**The problem:** In the data below, find the line that contains "f x >= fstar" and the line that contains "cbv beta; rewrite". Copy both, plus every line between them, exactly.

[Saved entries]
--
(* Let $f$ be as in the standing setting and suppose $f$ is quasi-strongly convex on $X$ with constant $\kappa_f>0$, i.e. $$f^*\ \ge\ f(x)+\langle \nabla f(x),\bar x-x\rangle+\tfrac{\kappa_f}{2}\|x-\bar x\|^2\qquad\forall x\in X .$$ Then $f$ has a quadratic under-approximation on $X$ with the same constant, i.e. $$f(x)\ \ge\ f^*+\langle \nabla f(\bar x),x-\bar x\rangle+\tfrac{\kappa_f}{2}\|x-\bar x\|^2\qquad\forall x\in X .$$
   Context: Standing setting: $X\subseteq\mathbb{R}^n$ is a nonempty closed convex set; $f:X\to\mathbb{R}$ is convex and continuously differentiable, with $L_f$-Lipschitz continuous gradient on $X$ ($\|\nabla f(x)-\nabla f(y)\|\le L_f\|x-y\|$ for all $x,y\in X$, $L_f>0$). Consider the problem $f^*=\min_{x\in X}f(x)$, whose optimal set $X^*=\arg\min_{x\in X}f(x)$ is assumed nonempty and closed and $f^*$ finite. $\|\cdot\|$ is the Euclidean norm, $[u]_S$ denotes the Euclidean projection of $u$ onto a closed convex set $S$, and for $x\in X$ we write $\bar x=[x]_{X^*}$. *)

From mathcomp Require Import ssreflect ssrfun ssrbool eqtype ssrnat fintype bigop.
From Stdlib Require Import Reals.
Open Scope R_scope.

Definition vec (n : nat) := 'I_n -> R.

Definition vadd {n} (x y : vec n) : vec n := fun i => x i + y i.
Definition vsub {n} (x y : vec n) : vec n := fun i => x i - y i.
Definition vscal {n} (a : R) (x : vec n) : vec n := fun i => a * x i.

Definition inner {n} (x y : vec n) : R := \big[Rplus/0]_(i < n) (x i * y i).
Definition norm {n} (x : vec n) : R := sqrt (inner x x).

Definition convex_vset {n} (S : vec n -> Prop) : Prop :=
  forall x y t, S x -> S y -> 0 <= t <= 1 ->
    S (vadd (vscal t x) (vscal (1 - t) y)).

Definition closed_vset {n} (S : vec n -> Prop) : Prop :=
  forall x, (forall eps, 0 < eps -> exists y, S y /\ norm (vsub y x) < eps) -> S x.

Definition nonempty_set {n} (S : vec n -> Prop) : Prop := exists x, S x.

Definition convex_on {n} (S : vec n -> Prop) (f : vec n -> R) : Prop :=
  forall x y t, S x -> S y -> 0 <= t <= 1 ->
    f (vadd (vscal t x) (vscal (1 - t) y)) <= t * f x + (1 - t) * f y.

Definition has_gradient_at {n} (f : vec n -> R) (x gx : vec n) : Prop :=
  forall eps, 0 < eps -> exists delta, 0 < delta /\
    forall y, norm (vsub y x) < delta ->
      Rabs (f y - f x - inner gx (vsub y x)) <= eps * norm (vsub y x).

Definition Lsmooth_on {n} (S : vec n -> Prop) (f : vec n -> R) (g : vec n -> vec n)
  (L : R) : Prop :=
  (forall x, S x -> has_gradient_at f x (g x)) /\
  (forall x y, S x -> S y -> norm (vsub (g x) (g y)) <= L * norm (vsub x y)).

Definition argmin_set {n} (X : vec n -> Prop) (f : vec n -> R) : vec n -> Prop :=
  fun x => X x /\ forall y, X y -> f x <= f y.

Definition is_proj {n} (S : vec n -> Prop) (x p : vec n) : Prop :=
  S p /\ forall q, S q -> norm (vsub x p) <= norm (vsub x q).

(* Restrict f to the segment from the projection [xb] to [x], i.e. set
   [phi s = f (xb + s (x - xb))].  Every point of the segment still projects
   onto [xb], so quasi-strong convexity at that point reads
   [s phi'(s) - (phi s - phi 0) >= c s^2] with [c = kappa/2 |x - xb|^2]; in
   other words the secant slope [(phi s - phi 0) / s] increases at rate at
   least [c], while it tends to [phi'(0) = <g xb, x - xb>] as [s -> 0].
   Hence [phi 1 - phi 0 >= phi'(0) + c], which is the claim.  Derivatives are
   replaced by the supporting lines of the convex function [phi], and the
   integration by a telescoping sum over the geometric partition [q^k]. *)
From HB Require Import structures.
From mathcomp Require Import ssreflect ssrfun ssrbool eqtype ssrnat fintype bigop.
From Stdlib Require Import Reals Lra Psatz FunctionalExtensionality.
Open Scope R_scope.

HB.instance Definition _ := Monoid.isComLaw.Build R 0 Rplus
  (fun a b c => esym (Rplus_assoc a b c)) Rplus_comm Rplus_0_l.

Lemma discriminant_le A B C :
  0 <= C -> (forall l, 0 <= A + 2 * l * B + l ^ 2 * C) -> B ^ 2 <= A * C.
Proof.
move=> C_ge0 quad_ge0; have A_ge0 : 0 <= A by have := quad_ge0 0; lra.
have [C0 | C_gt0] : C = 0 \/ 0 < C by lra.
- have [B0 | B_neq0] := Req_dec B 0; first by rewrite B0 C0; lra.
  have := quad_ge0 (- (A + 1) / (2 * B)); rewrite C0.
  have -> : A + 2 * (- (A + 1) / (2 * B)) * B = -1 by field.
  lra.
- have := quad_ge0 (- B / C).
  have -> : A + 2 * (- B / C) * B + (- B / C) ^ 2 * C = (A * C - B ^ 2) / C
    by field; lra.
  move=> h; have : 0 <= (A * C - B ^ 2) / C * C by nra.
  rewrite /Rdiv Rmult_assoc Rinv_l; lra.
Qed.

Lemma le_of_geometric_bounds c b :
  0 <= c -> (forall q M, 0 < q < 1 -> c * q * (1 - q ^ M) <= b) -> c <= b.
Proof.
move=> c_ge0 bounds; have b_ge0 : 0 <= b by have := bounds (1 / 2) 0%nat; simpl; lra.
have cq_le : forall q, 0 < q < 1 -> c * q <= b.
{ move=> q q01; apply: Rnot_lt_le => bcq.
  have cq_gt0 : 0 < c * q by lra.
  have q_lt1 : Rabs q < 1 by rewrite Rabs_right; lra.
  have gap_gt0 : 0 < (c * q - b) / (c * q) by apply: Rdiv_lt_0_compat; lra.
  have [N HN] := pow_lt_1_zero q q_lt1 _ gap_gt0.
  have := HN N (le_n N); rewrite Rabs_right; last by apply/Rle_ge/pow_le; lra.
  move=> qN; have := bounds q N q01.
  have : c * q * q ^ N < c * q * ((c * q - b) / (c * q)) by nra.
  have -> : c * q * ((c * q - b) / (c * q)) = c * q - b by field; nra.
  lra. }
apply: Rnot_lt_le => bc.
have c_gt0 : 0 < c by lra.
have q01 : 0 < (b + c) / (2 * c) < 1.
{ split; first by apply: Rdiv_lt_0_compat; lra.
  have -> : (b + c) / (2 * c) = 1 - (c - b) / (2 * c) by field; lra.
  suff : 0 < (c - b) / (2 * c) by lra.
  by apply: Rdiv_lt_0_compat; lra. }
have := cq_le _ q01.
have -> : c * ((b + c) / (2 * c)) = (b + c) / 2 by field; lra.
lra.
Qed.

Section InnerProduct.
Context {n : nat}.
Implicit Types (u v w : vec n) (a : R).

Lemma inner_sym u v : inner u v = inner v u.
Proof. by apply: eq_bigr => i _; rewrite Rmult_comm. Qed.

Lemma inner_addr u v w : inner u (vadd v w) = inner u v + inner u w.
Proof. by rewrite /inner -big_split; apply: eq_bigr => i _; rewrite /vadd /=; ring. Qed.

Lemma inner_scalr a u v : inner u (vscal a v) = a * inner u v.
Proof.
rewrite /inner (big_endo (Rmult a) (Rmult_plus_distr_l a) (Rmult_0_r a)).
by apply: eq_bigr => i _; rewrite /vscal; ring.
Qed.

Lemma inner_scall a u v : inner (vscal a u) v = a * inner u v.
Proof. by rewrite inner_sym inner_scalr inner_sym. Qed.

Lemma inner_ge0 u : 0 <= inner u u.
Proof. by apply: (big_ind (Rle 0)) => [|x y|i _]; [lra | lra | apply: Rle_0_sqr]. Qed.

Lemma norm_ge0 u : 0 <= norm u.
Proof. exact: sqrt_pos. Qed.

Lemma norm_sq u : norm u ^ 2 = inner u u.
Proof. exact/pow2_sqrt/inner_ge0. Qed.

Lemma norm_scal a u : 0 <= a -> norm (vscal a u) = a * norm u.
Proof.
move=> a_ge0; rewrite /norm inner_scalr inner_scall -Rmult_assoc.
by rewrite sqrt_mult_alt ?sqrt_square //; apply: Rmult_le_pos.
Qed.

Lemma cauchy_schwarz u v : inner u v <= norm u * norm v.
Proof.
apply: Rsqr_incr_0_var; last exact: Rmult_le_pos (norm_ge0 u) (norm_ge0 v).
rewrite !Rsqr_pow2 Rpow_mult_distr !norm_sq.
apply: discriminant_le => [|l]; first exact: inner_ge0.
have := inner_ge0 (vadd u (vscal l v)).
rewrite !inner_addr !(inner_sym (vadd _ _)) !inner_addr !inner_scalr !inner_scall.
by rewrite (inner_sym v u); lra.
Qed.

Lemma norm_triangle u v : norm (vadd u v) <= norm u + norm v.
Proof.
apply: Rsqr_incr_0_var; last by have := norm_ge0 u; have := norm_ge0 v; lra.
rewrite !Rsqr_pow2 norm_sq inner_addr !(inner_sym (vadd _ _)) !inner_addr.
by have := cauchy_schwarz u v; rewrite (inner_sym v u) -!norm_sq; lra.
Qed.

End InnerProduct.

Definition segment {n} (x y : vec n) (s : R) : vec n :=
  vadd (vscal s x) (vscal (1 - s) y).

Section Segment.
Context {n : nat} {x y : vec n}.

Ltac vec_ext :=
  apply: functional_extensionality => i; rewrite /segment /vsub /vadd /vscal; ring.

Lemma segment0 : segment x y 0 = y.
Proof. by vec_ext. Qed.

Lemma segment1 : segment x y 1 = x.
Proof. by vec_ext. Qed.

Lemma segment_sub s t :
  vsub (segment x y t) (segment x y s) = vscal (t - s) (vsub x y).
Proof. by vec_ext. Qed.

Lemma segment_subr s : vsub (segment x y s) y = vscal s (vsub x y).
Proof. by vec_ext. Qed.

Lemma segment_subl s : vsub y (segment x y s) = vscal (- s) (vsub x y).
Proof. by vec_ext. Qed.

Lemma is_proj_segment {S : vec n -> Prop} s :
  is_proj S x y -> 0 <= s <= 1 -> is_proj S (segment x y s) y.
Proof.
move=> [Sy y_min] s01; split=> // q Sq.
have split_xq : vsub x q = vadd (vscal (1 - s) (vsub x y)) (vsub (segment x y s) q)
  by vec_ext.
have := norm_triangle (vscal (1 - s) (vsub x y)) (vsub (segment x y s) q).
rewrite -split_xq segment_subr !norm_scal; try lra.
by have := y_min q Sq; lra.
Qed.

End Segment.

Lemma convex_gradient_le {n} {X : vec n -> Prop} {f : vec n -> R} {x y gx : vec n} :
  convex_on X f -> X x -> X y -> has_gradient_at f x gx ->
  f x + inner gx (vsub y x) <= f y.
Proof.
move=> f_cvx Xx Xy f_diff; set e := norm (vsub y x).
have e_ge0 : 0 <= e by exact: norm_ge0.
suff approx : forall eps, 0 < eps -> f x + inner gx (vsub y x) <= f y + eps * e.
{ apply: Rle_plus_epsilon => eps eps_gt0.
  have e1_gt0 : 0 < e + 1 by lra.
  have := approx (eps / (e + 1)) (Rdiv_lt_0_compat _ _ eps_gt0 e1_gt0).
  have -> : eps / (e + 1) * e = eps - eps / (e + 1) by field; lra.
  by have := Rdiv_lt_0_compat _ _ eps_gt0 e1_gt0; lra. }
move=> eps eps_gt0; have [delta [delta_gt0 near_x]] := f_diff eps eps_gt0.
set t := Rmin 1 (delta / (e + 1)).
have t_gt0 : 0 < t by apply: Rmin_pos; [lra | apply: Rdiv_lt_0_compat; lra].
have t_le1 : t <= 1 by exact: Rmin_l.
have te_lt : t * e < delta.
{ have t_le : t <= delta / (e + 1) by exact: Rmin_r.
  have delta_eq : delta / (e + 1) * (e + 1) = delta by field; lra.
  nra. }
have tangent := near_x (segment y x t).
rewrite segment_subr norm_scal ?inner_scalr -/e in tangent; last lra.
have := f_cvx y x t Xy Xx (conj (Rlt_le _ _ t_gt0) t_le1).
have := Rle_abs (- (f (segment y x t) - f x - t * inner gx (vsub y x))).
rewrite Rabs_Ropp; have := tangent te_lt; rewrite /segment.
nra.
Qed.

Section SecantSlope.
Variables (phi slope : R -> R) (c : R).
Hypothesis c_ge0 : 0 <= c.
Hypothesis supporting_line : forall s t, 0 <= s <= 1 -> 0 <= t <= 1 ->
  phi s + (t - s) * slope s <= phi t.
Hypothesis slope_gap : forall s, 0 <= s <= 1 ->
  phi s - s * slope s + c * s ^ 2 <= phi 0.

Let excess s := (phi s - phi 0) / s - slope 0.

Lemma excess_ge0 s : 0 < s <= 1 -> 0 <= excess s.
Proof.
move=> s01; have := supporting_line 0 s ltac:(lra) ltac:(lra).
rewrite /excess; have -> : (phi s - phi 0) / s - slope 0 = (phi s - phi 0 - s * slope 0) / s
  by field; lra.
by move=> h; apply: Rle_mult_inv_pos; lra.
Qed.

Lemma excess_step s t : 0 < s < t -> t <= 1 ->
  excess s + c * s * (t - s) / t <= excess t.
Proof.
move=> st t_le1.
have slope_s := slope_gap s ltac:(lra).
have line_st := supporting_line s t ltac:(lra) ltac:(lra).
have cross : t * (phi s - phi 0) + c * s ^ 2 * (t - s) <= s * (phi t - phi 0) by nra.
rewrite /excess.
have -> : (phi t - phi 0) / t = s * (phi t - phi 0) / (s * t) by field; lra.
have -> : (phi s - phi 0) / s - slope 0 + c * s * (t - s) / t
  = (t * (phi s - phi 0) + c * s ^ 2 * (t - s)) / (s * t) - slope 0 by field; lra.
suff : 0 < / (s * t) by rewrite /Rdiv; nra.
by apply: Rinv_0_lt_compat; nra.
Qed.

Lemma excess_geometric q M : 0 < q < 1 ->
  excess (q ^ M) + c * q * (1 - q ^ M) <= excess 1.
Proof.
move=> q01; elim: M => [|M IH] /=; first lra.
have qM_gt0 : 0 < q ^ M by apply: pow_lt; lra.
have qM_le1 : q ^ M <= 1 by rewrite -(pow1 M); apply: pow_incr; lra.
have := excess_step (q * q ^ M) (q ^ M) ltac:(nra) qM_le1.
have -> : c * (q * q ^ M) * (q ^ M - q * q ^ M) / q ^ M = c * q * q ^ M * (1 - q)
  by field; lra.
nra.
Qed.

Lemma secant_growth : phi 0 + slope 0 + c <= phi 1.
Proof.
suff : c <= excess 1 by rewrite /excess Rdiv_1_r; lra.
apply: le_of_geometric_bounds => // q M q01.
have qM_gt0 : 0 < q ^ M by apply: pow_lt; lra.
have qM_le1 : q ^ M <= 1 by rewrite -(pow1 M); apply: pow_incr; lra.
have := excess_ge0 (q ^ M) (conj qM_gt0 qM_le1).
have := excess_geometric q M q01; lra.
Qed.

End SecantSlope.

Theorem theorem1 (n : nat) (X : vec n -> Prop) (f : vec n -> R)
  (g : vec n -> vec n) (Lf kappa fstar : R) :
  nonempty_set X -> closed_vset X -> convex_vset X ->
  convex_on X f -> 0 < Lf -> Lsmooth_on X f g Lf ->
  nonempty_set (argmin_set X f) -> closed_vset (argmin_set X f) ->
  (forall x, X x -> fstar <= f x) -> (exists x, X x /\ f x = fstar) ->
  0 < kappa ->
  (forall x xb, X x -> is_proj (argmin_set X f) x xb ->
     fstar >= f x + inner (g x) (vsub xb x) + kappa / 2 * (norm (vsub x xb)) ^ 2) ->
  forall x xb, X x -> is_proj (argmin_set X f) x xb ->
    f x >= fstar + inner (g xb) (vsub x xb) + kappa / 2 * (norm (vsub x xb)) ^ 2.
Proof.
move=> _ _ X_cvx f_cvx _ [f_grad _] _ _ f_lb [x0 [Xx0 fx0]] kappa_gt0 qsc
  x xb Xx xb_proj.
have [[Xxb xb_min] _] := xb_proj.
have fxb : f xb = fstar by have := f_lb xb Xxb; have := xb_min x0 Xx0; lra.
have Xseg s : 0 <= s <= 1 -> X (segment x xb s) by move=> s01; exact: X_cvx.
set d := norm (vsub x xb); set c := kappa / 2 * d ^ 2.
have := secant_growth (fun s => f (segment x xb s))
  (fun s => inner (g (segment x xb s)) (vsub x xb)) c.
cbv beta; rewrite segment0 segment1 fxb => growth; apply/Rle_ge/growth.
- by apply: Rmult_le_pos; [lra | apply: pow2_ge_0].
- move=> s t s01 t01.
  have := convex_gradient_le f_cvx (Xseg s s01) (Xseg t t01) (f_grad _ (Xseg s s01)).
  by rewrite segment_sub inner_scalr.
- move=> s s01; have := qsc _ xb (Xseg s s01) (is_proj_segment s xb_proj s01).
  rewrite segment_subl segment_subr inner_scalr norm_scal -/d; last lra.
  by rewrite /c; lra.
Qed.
--
**Output for this exercise:**
    f x >= fstar + inner (g xb) (vsub x xb) + kappa / 2 * (norm (vsub x xb)) ^ 2.
Proof.
move=> _ _ X_cvx f_cvx _ [f_grad _] _ _ f_lb [x0 [Xx0 fx0]] kappa_gt0 qsc
  x xb Xx xb_proj.
have [[Xxb xb_min] _] := xb_proj.
have fxb : f xb = fstar by have := f_lb xb Xxb; have := xb_min x0 Xx0; lra.
have Xseg s : 0 <= s <= 1 -> X (segment x xb s) by move=> s01; exact: X_cvx.
set d := norm (vsub x xb); set c := kappa / 2 * d ^ 2.
have := secant_growth (fun s => f (segment x xb s))
  (fun s => inner (g (segment x xb s)) (vsub x xb)) c.
cbv beta; rewrite segment0 segment1 fxb => growth; apply/Rle_ge/growth.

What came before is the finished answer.